━━━ Listed records

(* Let $N\ge2$ and $\nu_1,\dots,\nu_N\in\mathcal{M}_h\cap\Delta$. Let $\boldsymbol{\sigma}=(\boldsymbol{\sigma}_1,\dots,\boldsymbol{\sigma}_N)\in\mathcal{S}_h^N$ and $\nu\in\mathcal{M}_h\cap\Delta$. Then each equation $-\Delta_h\xi_i'=\mathrm{div}_h\boldsymbol{\sigma}_i+\nu_i-\nu$ ($i=1,\dots,N$) admits a solution, and for any choice of such solutions $\xi_1',\dots,\xi_N'$, the Euclidean projection $(\widetilde{\boldsymbol{\sigma}},\widetilde\nu)$ of $(\boldsymbol{\sigma},\nu)$ onto $$\mathcal{F}_h=\{(\boldsymbol{\sigma}_1,\dots,\boldsymbol{\sigma}_N,\mu)\in\mathcal{S}_h^N\times\mathcal{M}_h:\mathrm{div}_h\boldsymbol{\sigma}_k+\nu_k=\mu\ \forall k\}$$ is given by $\widetilde{\boldsymbol{\sigma}}_i=\boldsymbol{\sigma}_i+\nabla_h\xi_i$ and $\widetilde\nu=\nu+\xi_1+\dots+\xi_N$, where $\xi_i=\xi_i'-(I-\tfrac1N\Delta_h)^{-1}\big(\tfrac1N\sum_{j=1}^N\xi_j'\big)$.
   Context: Grid $\mathcal{G}_h=\{hi:i=1,\dots,p\}^2$ with $h=1/p$; $\mathcal{M}_h=\{\mu:\mathcal{G}_h\to\mathbb{R}\}\cong\mathbb{R}^{p^2}$, $\mathcal{S}_h=\{\boldsymbol{\sigma}:\mathcal{G}_h\to\mathbb{R}^2\}\cong\mathbb{R}^{p^2\times2}$, both with the standard $\ell^2$ inner products (and the product inner product on $\mathcal{S}_h^N\times\mathcal{M}_h$, with respect to which the projection is taken). $\Delta\subset\mathcal{M}_h$ is the unit simplex (nonnegative entries summing to 1). $\nabla_h:\mathcal{M}_h\to\mathcal{S}_h$ is the discrete gradient by forward differences with homogeneous Neumann boundary conditions: $(\nabla_hu)_{i,j}=(u_{i+1,j}-u_{i,j},\,u_{i,j+1}-u_{i,j})$, where a difference is set to $0$ when $i=p$ (resp. $j=p$); its kernel is the constants. $\mathrm{div}_h=-\nabla_h^*$ and $\Delta_h=\mathrm{div}_h\nabla_h$. *)

From mathcomp Require Import all_boot all_order all_algebra.
From mathcomp Require Import reals.
Set Implicit Arguments. Unset Strict Implicit. Unset Printing Implicit Defensive.
Import Order.TTheory GRing.Theory Num.Theory.
Local Open Scope ring_scope.

(* Grid G_h = {h i : i = 1..p}^2 is indexed by 'I_p * 'I_p (index i <-> i+1).
   M_h := 'M[R]_p  (scalar grid functions),
   S_h := 'M[R]_p * 'M[R]_p  (vector fields: (x-component, y-component)). *)

Definition Sh (R : realType) (p : nat) := ('M[R]_p * 'M[R]_p)%type.

Definition dotM (R : realType) (p : nat) (u v : 'M[R]_p) : R :=
  \sum_(i < p) \sum_(j < p) u i j * v i j.
Definition dotS (R : realType) (p : nat) (s t : Sh R p) : R :=
  dotM s.1 t.1 + dotM s.2 t.2.

Definition addS (R : realType) (p : nat) (s t : Sh R p) : Sh R p :=
  (s.1 + t.1, s.2 + t.2).
Definition subS (R : realType) (p : nat) (s t : Sh R p) : Sh R p :=
  (s.1 - t.1, s.2 - t.2).

(* Forward differences with homogeneous Neumann BC: difference is 0 on the
   last row/column (index p-1, i.e. i = p in the paper's 1-based indexing).
   When i.+1 < p, ordS i has value i.+1. *)
Definition gradh (R : realType) (p : nat) (u : 'M[R]_p) : Sh R p :=
  (\matrix_(i < p, j < p) (if (i.+1 < p)%N then u (ordS i) j - u i j else 0),
   \matrix_(i < p, j < p) (if (j.+1 < p)%N then u i (ordS j) - u i j else 0)).

(* div_h = - grad_h^* , with the adjoint taken w.r.t. the l^2 inner products:
   (grad_h^* s)_{ij} = <s, grad_h e_{ij}>. *)
Definition divh (R : realType) (p : nat) (s : Sh R p) : 'M[R]_p :=
  \matrix_(i < p, j < p) - dotS s (gradh (delta_mx i j)).

Definition laph (R : realType) (p : nat) (u : 'M[R]_p) : 'M[R]_p :=
  divh (gradh u).

Definition in_simplex (R : realType) (p : nat) (mu : 'M[R]_p) : Prop :=
  (forall i j, 0 <= mu i j) /\ \sum_(i < p) \sum_(j < p) mu i j = 1.

Definition Fh (R : realType) (p N : nat) (nus : 'I_N -> 'M[R]_p)
  (x : ('I_N -> Sh R p) * 'M[R]_p) : Prop :=
  forall k : 'I_N, divh (x.1 k) + nus k = x.2.

Definition sqdist (R : realType) (p N : nat)
  (x y : ('I_N -> Sh R p) * 'M[R]_p) : R :=
  \sum_(k < N) dotS (subS (x.1 k) (y.1 k)) (subS (x.1 k) (y.1 k))
  + dotM (x.2 - y.2) (x.2 - y.2).

Definition is_proj (R : realType) (p N : nat)
  (F : ('I_N -> Sh R p) * 'M[R]_p -> Prop)
  (x y : ('I_N -> Sh R p) * 'M[R]_p) : Prop :=
  F y /\ forall z, F z -> sqdist x y <= sqdist x z.

(* The normal space of the affine set F_h consists of the vectors
   (grad_h xi_1, ..., grad_h xi_N, xi_1 + ... + xi_N): indeed, as div_h = -grad_h^*,
   for (s, m) in the direction of F_h (div_h s_k = m for all k) the pairing is
   <sum_k xi_k, m> - sum_k <m, xi_k> = 0.  Hence a point of F_h whose difference with
   (sigma, nu) is such a vector is the projection, by Pythagoras.  The proposed point
   has this form and lies in F_h: summing the N Poisson equations and using the
   definition of zeta gives xi_1 + ... + xi_N = -lap_h zeta, while
   div_h (sigma_k + grad_h xi_k) + nu_k = nu - lap_h zeta for every k.
   Solvability: -lap_h is symmetric nonnegative with the constants as kernel, so
   -lap_h + <., 1> 1 and I - c lap_h (c >= 0) are injective, hence onto; the data of
   the Poisson equations have zero mean because nu_k and nu are probability vectors. *)

From HB Require Import structures.
From mathcomp Require Import all_boot all_order all_algebra.
From mathcomp Require Import reals ring.
Set Implicit Arguments. Unset Strict Implicit. Unset Printing Implicit Defensive.
Import Order.TTheory GRing.Theory Num.Theory.
Local Open Scope ring_scope.

Lemma linear_inj_surj (K : fieldType) (vT : vectType K) (f : vT -> vT) :
  linear f -> (forall u, f u = 0 -> u = 0) -> forall v, exists u, f u = v.
Proof.
move=> f_lin f_ker0 v.
pose fL := HB.pack_for {linear vT -> vT} f (GRing.isLinear.Build K vT vT _ f f_lin).
have ker0 : lker (linfun fL) == 0%VS.
  apply/lker0P => x y; rewrite !lfunE => /eqP; rewrite -subr_eq0 -linearB.
  by move=> /eqP/f_ker0/eqP; rewrite subr_eq0 => /eqP.
by exists ((linfun fL)^-1%VF v); rewrite -[f _](lfunE fL) lker0_lfunVK.
Qed.

Lemma ordS_invariant_const (T : Type) n (w : 'I_n -> T) :
  (forall i : 'I_n, (i.+1 < n)%N -> w (ordS i) = w i) -> forall i j, w i = w j.
Proof.
move=> wS i j; have n_gt0 : (0 < n)%N := leq_ltn_trans (leq0n _) (ltn_ord i).
suff w0 k : w k = w (Ordinal n_gt0) by rewrite !w0.
case: k => k; elim: k => [|k IHk] lt_k_n; first by congr w; apply: val_inj.
rewrite -(IHk (ltnW lt_k_n)) -(wS (Ordinal (ltnW lt_k_n)) lt_k_n).
by congr w; apply: val_inj; rewrite /= modn_small.
Qed.

Section GridCalculus.
Variables (R : realType) (p : nat).
Implicit Types (u v : 'M[R]_p) (s t : Sh R p).

Lemma dotM_is_bilinear : bilinear_for
  (GRing.Scale.Law.clone _ _ *%R _) (GRing.Scale.Law.clone _ _ *%R _) (@dotM R p).
Proof.
split=> [u|u] a v w /=; rewrite /dotM mulr_sumr -big_split /=; apply: eq_bigr => i _;
  rewrite mulr_sumr -big_split /=; apply: eq_bigr => j _; rewrite !mxE; ring.
Qed.
HB.instance Definition _ :=
  bilinear_isBilinear.Build R 'M[R]_p 'M[R]_p R _ _ (@dotM R p) dotM_is_bilinear.

Lemma dotS_is_bilinear : bilinear_for
  (GRing.Scale.Law.clone _ _ *%R _) (GRing.Scale.Law.clone _ _ *%R _) (@dotS R p).
Proof. by split=> [s|s] a t r; rewrite /dotS /= ?linearPl ?linearPr /=; ring. Qed.
HB.instance Definition _ :=
  bilinear_isBilinear.Build R (Sh R p) (Sh R p) R _ _ (@dotS R p) dotS_is_bilinear.

Lemma dotMC u v : dotM u v = dotM v u.
Proof. by apply: eq_bigr => i _; apply: eq_bigr => j _; rewrite mulrC. Qed.

Lemma dotSC s t : dotS s t = dotS t s.
Proof. by rewrite /dotS dotMC [dotM s.2 _]dotMC. Qed.

Lemma dotM_ge0 u : 0 <= dotM u u.
Proof. by apply: sumr_ge0 => i _; apply: sumr_ge0 => j _; apply: sqr_ge0. Qed.

Lemma dotS_ge0 s : 0 <= dotS s s.
Proof. by rewrite addr_ge0 ?dotM_ge0. Qed.

Lemma dotM_eq0 u : dotM u u = 0 -> u = 0.
Proof.
move=> /eqP; rewrite psumr_eq0 => [/allP u0|i _]; last first.
  by apply: sumr_ge0 => j _; apply: sqr_ge0.
apply/matrixP => i j; move/(_ i (mem_index_enum _)): u0.
rewrite psumr_eq0 => [/allP/(_ j (mem_index_enum _))|k _]; last exact: sqr_ge0.
by rewrite mulf_eq0 orbb mxE => /eqP.
Qed.

Lemma dotS_eq0 s : dotS s s = 0 -> s = 0.
Proof.
move=> /eqP; rewrite paddr_eq0 ?dotM_ge0 // => /andP[/eqP/dotM_eq0 s1 /eqP/dotM_eq0 s2].
by case: s s1 s2 => /= ? ? -> ->.
Qed.

Lemma dotM_simplex1 (mu : 'M[R]_p) : in_simplex mu -> dotM mu (const_mx 1) = 1.
Proof.
case=> _ mu1; rewrite -[RHS]mu1.
by apply: eq_bigr => i _; apply: eq_bigr => j _; rewrite mxE mulr1.
Qed.

Lemma dotM_const_mx1 (c : R) : dotM (const_mx c : 'M[R]_p) (const_mx 1) = c *+ (p * p).
Proof.
rewrite /dotM (eq_bigr (fun=> c *+ p)) ?sumr_const ?card_ord ?mulrnA // => i _.
by rewrite (eq_bigr (fun=> c)) ?sumr_const ?card_ord // => j _; rewrite !mxE mulr1.
Qed.

Lemma gradh_is_linear : linear (@gradh R p).
Proof.
move=> a u v; congr pair; apply/matrixP => i j; rewrite !mxE.
  by case: ifP => _; rewrite ?mxE; ring.
by case: ifP => _; rewrite ?mxE; ring.
Qed.
HB.instance Definition _ :=
  GRing.isLinear.Build R 'M[R]_p (Sh R p) _ (@gradh R p) gradh_is_linear.

Lemma divh_is_linear : linear (@divh R p).
Proof. by move=> a s t; apply/matrixP => i j; rewrite !mxE linearPl /=; ring. Qed.
HB.instance Definition _ :=
  GRing.isLinear.Build R (Sh R p) 'M[R]_p _ (@divh R p) divh_is_linear.

Lemma laph_is_linear : linear (@laph R p).
Proof. by move=> a u v; rewrite /laph !linearP. Qed.
HB.instance Definition _ :=
  GRing.isLinear.Build R 'M[R]_p 'M[R]_p _ (@laph R p) laph_is_linear.

Lemma gradh_const c : gradh (const_mx c : 'M[R]_p) = 0.
Proof. by congr pair; apply/matrixP => i j; rewrite !mxE; case: ifP; rewrite ?mxE ?subrr. Qed.

Lemma divh_adjoint s u : dotM (divh s) u = - dotS s (gradh u).
Proof.
rewrite {2}[u]matrix_sum_delta linear_sum /= linear_sumr /dotM -sumrN.
apply: eq_bigr => i _; rewrite linear_sum /= linear_sumr -sumrN; apply: eq_bigr => j _.
by rewrite linearZ linearZr_LR /= !mxE mulNr mulrC.
Qed.

Lemma laph_adjoint u v : dotM (laph u) v = - dotS (gradh u) (gradh v).
Proof. exact: divh_adjoint. Qed.

Lemma dotM_divh_const s (c : R) : dotM (divh s) (const_mx c) = 0.
Proof. by rewrite divh_adjoint gradh_const linear0r oppr0. Qed.

Lemma gradh_eq0_const u : gradh u = 0 -> forall i j, u = const_mx (u i j).
Proof.
move=> grad0.
have ux (i j : 'I_p) : (i.+1 < p)%N -> u (ordS i) j = u i j.
  move=> lt_ip; move/(congr1 fst)/matrixP/(_ i j): grad0.
  by rewrite !mxE lt_ip => /eqP; rewrite subr_eq0 => /eqP.
have uy (i j : 'I_p) : (j.+1 < p)%N -> u i (ordS j) = u i j.
  move=> lt_jp; move/(congr1 snd)/matrixP/(_ i j): grad0.
  by rewrite !mxE lt_jp => /eqP; rewrite subr_eq0 => /eqP.
move=> i j; apply/matrixP => k l; rewrite mxE.
rewrite (ordS_invariant_const (w := u^~ l) (ux^~ l) k i).
exact: (ordS_invariant_const (uy i)).
Qed.

Lemma neumann_poisson_solvable (p_gt0 : (0 < p)%N) f :
  dotM f (const_mx 1) = 0 -> exists u, - laph u = f.
Proof.
move=> f_mean0.
pose A u := - laph u + dotM u (const_mx 1) *: const_mx 1.
have A_lin : linear A.
  by move=> a u v; rewrite /A linearP linearPl; apply/matrixP => i j; rewrite !mxE /=; ring.
have A_ker0 w : A w = 0 -> w = 0.
  rewrite /A => Aw0.
  have := congr1 (fun m => dotM m w) Aw0; rewrite /= linear0l linearDl linearNl /=.
  rewrite laph_adjoint opprK linearZl_LR /= [dotM (const_mx 1) w]dotMC -expr2 => /eqP.
  rewrite paddr_eq0 ?dotS_ge0 ?sqr_ge0 // sqrf_eq0 => /andP[/eqP/dotS_eq0 gw0 /eqP w1].
  apply/matrixP => i j.
  move: w1; rewrite (gradh_eq0_const gw0 i j) dotM_const_mx1 !mxE => /eqP.
  by rewrite mulrn_eq0 muln_eq0 orbb eqn0Ngt p_gt0 => /eqP.
have [u Au] := linear_inj_surj A_lin A_ker0 f.
(* Pairing [A u = f] with the constants gives [<u, 1> = 0], so [A u = - laph u]. *)
have := congr1 (fun m => dotM m (const_mx 1)) Au; rewrite /= f_mean0 linearDl linearNl /=.
rewrite dotM_divh_const oppr0 add0r linearZl_LR /= dotM_const_mx1.
move=> /eqP; rewrite mulf_eq0 pnatr_eq0 muln_eq0 orbb eqn0Ngt p_gt0 orbF => /eqP u0.
by exists u; rewrite -Au /= /A u0 scale0r addr0.
Qed.

Lemma resolvent_exists_unique (c : R) : 0 <= c ->
  forall f, exists! u, u - c *: laph u = f.
Proof.
move=> c_ge0 f; pose B u := u - c *: laph u.
have B_lin : linear B.
  by move=> a u v; rewrite /B linearP; apply/matrixP => i j; rewrite !mxE /=; ring.
have B_ker0 w : B w = 0 -> w = 0.
  move=> Bw0; have := congr1 (fun m => dotM m w) Bw0.
  rewrite /= linear0l /B linearBl /= linearZl_LR /= laph_adjoint mulrN opprK => /eqP.
  by rewrite paddr_eq0 ?dotM_ge0 ?mulr_ge0 ?dotS_ge0 // => /andP[/eqP/dotM_eq0].
have [u Bu] := linear_inj_surj B_lin B_ker0 f.
exists u; split=> // v Bv; apply/eqP; rewrite -subr_eq0; apply/eqP/B_ker0.
by rewrite addrC -scaleN1r B_lin Bu [B v]Bv scaleN1r addNr.
Qed.

End GridCalculus.

Lemma bilinear_subr_expand (R : comNzRingType) (U : lmodType R)
    (f : {bilinear U -> U -> R | *%R & *%R}) :
  (forall u v, f u v = f v u) -> forall a b c,
  f (a - c) (a - c) = f (a - b) (a - b) + f (b - c) (b - c) + 2 * f (a - b) (b - c).
Proof.
move=> fC a b c; have -> : a - c = (a - b) + (b - c) by rewrite addrA subrK.
move: (a - b) (b - c) => d e.
by rewrite linearDl !linearDr /= [f e d]fC; ring.
Qed.

Section Projection.
Variables (R : realType) (p N : nat).
Implicit Types x y z : ('I_N -> Sh R p) * 'M[R]_p.

Lemma addSE (s t : Sh R p) : addS s t = s + t. Proof. by []. Qed.

Lemma sqdistE x y : sqdist x y =
  \sum_k dotS (x.1 k - y.1 k) (x.1 k - y.1 k) + dotM (x.2 - y.2) (x.2 - y.2).
Proof. by []. Qed.

Lemma sqdist_ge0 x y : 0 <= sqdist x y.
Proof. by rewrite addr_ge0 ?dotM_ge0 ?sumr_ge0 // => k _; apply: dotS_ge0. Qed.

Lemma sqdist_split x y z : sqdist x z = sqdist x y + sqdist y z +
  2 * (\sum_k dotS (x.1 k - y.1 k) (y.1 k - z.1 k) + dotM (x.2 - y.2) (y.2 - z.2)).
Proof.
rewrite !sqdistE (bilinear_subr_expand (@dotMC R p) _ y.2).
under eq_bigr => k _ do rewrite (bilinear_subr_expand (@dotSC R p) _ (y.1 k)).
by rewrite big_split /= big_split /= -mulr_sumr; ring.
Qed.

Lemma is_proj_Fh_normal (nus : 'I_N -> 'M[R]_p) x y (xi : 'I_N -> 'M[R]_p) :
  Fh nus y -> (forall k, y.1 k = x.1 k + gradh (xi k)) ->
  y.2 = x.2 + \sum_k xi k -> is_proj (Fh nus) x y.
Proof.
move=> Fy y1 y2; split=> // z Fz; rewrite (sqdist_split x y z).
suff -> : \sum_k dotS (x.1 k - y.1 k) (y.1 k - z.1 k) + dotM (x.2 - y.2) (y.2 - z.2) = 0.
  by rewrite mulr0 addr0 lerDl sqdist_ge0.
have xy1 k : x.1 k - y.1 k = - gradh (xi k) by rewrite y1 opprD addNKr.
have xy2 : x.2 - y.2 = - \sum_k xi k by rewrite y2 opprD addNKr.
have div_yz k : divh (y.1 k - z.1 k) = y.2 - z.2.
  by rewrite linearB /= -(Fy k) -(Fz k) opprD addrACA subrr addr0.
under eq_bigr => k _ do
  rewrite xy1 linearNl /= dotSC -divh_adjoint div_yz.
by rewrite xy2 -linear_sumr linearNl /= dotMC subrr.
Qed.

End Projection.

Theorem proposition7p1 (R : realType) (p N : nat) (hp : (0 < p)%N)
  (hN : (2 <= N)%N)
  (nus : 'I_N -> 'M[R]_p) (hnus : forall k, in_simplex (nus k))
  (sigma : 'I_N -> Sh R p) (nu : 'M[R]_p) (hnu : in_simplex nu) :
  (forall i : 'I_N, exists xi : 'M[R]_p,
      - laph xi = divh (sigma i) + nus i - nu)
  /\ (forall x : 'M[R]_p, exists! z : 'M[R]_p, z - N%:R^-1 *: laph z = x)
  /\ (forall xi' : 'I_N -> 'M[R]_p,
        (forall i, - laph (xi' i) = divh (sigma i) + nus i - nu) ->
        forall zeta : 'M[R]_p,
          zeta - N%:R^-1 *: laph zeta = N%:R^-1 *: \sum_(j < N) xi' j ->
          let xi := fun i => xi' i - zeta in
          is_proj (Fh nus) (sigma, nu)
            (fun i => addS (sigma i) (gradh (xi i)), nu + \sum_(i < N) xi i)).
Proof.
have N_neq0 : N%:R != 0 :> R by rewrite pnatr_eq0 -lt0n (leq_trans _ hN).
split.
  move=> i; apply: neumann_poisson_solvable => //.
  by rewrite linearBl linearDl /= dotM_divh_const !dotM_simplex1 // add0r subrr.
split=> [x|xi' xi'_eq zeta zeta_eq xi].
  by apply: resolvent_exists_unique; rewrite invr_ge0 ler0n.
have sum_xi' : \sum_j xi' j = N%:R *: zeta - laph zeta.
  by rewrite -[LHS]scale1r -(mulfV N_neq0) -scalerA -zeta_eq scalerBr scalerA mulfV // scale1r.
have sum_xi : \sum_i xi i = - laph zeta.
  by rewrite sumrB sumr_const card_ord sum_xi' -scaler_nat addrAC subrr add0r.
apply: (is_proj_Fh_normal (xi := xi)) => //= k.
rewrite /= addSE linearD /= -/(laph (xi k)) linearB /= -[laph (xi' k)]opprK xi'_eq sum_xi.
by apply/matrixP => i j; rewrite !mxE; ring.
Qed.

━━━━━━

▶ [Work to be completed]:
Collect the complete line wherever the string "linearPl" appears in the records.

▶ [Result for this exercise]:
Proof. by split=> [s|s] a t r; rewrite /dotS /= ?linearPl ?linearPr /=; ring. Qed.
Proof. by move=> a s t; apply/matrixP => i j; rewrite !mxE linearPl /=; ring. Qed.
  by move=> a u v; rewrite /A linearP linearPl; apply/matrixP => i j; rewrite !mxE /=; ring.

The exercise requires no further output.